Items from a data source
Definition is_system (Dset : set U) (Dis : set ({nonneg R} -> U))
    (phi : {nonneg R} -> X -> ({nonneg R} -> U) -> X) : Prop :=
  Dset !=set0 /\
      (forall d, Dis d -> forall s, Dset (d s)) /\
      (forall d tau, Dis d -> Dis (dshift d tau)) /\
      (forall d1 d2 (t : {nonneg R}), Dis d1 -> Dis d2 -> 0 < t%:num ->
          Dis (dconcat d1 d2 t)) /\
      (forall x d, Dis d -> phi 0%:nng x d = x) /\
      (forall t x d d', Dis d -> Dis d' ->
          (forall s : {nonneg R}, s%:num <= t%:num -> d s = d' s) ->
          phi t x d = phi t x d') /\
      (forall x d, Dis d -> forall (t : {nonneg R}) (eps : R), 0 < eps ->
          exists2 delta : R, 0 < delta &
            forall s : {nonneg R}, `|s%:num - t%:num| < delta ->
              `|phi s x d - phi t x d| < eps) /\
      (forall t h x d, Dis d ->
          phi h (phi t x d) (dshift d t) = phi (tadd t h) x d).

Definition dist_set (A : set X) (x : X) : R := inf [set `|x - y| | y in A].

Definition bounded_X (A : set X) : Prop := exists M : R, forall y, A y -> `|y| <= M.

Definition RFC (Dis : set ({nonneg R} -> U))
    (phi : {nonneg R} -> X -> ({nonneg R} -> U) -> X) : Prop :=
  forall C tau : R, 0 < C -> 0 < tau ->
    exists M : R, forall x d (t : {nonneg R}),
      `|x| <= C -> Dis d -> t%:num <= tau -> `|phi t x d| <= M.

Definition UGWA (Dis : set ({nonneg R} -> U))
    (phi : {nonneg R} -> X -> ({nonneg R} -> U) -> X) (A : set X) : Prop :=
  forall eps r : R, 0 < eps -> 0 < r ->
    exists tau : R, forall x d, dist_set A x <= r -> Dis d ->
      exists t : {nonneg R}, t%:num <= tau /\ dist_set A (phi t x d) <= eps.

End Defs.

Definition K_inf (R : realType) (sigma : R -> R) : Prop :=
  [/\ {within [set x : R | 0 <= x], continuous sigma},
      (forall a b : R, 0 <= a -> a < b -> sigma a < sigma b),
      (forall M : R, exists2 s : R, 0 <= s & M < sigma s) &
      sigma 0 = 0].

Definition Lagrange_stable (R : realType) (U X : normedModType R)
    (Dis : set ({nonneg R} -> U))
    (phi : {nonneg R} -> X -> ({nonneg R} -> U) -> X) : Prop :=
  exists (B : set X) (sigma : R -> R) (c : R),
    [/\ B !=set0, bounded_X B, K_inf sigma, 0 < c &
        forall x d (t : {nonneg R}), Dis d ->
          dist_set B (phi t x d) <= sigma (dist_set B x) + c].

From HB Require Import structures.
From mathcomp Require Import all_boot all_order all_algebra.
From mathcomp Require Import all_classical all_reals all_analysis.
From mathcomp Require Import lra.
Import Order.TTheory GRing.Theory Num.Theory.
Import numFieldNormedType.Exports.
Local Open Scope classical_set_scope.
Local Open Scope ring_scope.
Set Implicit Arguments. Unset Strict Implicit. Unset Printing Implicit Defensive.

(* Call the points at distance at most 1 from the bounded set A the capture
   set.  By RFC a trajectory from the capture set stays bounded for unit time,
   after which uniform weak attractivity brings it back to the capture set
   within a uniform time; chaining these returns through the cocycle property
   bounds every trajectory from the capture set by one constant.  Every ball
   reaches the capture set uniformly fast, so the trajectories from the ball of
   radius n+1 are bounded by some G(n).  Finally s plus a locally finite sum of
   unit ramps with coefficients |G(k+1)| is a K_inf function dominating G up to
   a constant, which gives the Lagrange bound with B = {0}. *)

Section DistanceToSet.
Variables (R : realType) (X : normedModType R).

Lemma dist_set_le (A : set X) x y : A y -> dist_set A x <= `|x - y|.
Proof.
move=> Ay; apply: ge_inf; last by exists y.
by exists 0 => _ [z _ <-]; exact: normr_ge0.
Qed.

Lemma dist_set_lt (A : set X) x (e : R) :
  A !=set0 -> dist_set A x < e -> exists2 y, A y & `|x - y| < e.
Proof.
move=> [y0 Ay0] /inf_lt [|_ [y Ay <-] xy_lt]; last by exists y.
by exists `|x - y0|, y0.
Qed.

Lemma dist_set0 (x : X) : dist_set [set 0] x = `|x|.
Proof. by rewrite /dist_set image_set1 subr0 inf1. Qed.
==
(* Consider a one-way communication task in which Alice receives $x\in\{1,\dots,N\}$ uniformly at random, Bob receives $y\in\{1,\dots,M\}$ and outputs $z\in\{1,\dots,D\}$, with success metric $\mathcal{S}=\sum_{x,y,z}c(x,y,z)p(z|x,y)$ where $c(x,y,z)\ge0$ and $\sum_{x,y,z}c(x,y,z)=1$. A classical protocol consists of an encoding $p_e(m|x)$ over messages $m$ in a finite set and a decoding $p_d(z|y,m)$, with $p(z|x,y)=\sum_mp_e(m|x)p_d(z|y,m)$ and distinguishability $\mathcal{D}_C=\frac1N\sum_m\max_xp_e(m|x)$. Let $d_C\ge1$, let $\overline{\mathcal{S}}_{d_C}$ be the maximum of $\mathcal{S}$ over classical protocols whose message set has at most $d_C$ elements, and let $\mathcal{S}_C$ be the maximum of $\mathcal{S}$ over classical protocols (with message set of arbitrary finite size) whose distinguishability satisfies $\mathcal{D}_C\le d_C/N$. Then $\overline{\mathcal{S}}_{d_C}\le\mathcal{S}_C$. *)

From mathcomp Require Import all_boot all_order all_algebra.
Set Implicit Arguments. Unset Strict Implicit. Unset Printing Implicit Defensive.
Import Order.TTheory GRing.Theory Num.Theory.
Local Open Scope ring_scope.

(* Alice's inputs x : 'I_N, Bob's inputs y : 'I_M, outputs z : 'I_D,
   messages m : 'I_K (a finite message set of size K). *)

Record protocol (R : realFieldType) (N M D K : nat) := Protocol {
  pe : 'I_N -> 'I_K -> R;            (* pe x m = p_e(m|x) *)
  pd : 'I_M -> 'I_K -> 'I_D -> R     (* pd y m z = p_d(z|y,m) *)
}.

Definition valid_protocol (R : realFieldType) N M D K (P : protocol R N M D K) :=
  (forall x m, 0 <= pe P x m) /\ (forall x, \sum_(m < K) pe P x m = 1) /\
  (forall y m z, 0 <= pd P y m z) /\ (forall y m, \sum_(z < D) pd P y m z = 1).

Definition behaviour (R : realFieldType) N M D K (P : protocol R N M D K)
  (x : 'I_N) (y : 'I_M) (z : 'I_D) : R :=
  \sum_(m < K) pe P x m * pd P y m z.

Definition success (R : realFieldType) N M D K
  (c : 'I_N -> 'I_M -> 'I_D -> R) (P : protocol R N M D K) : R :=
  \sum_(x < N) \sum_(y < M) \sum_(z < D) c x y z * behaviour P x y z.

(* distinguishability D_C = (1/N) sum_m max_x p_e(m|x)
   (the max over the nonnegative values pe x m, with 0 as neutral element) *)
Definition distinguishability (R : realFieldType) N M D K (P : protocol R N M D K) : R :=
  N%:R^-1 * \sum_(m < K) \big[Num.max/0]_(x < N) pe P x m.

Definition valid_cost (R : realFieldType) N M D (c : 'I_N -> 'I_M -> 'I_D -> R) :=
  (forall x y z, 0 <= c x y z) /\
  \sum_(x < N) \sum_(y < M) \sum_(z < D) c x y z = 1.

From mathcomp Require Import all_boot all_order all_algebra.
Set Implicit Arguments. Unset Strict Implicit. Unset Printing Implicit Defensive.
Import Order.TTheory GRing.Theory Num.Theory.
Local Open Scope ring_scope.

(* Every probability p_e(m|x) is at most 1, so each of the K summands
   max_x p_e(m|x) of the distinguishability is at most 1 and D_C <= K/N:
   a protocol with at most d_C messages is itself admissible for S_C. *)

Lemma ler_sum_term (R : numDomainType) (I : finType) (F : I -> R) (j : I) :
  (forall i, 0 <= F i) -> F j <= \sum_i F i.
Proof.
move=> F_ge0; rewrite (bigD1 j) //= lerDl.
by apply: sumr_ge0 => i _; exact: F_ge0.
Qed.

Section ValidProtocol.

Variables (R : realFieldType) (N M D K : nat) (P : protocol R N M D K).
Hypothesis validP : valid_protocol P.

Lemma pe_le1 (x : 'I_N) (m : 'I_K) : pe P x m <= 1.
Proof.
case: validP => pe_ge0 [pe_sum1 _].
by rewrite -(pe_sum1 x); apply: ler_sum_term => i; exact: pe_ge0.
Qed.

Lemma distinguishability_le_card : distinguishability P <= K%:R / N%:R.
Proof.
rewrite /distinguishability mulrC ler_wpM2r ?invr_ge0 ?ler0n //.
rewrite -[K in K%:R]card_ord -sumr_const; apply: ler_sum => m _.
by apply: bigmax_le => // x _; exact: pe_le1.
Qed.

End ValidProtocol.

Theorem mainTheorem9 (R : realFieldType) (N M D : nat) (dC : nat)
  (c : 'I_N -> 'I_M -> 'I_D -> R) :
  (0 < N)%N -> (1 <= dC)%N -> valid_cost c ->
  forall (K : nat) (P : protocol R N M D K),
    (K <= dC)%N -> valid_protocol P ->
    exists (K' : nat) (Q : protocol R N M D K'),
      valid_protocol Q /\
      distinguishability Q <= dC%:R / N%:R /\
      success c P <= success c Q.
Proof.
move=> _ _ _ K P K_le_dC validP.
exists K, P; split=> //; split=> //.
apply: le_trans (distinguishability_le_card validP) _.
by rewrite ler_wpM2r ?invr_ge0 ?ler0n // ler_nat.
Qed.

Work instructions
Every line from the line containing "Definition is_system (Dset" through the line containing "(forall d tau, Dis" in the records above must be retyped exactly. Leave out the rest.

Solution to this exercise
Definition is_system (Dset : set U) (Dis : set ({nonneg R} -> U))
    (phi : {nonneg R} -> X -> ({nonneg R} -> U) -> X) : Prop :=
  Dset !=set0 /\
      (forall d, Dis d -> forall s, Dset (d s)) /\
      (forall d tau, Dis d -> Dis (dshift d tau)) /\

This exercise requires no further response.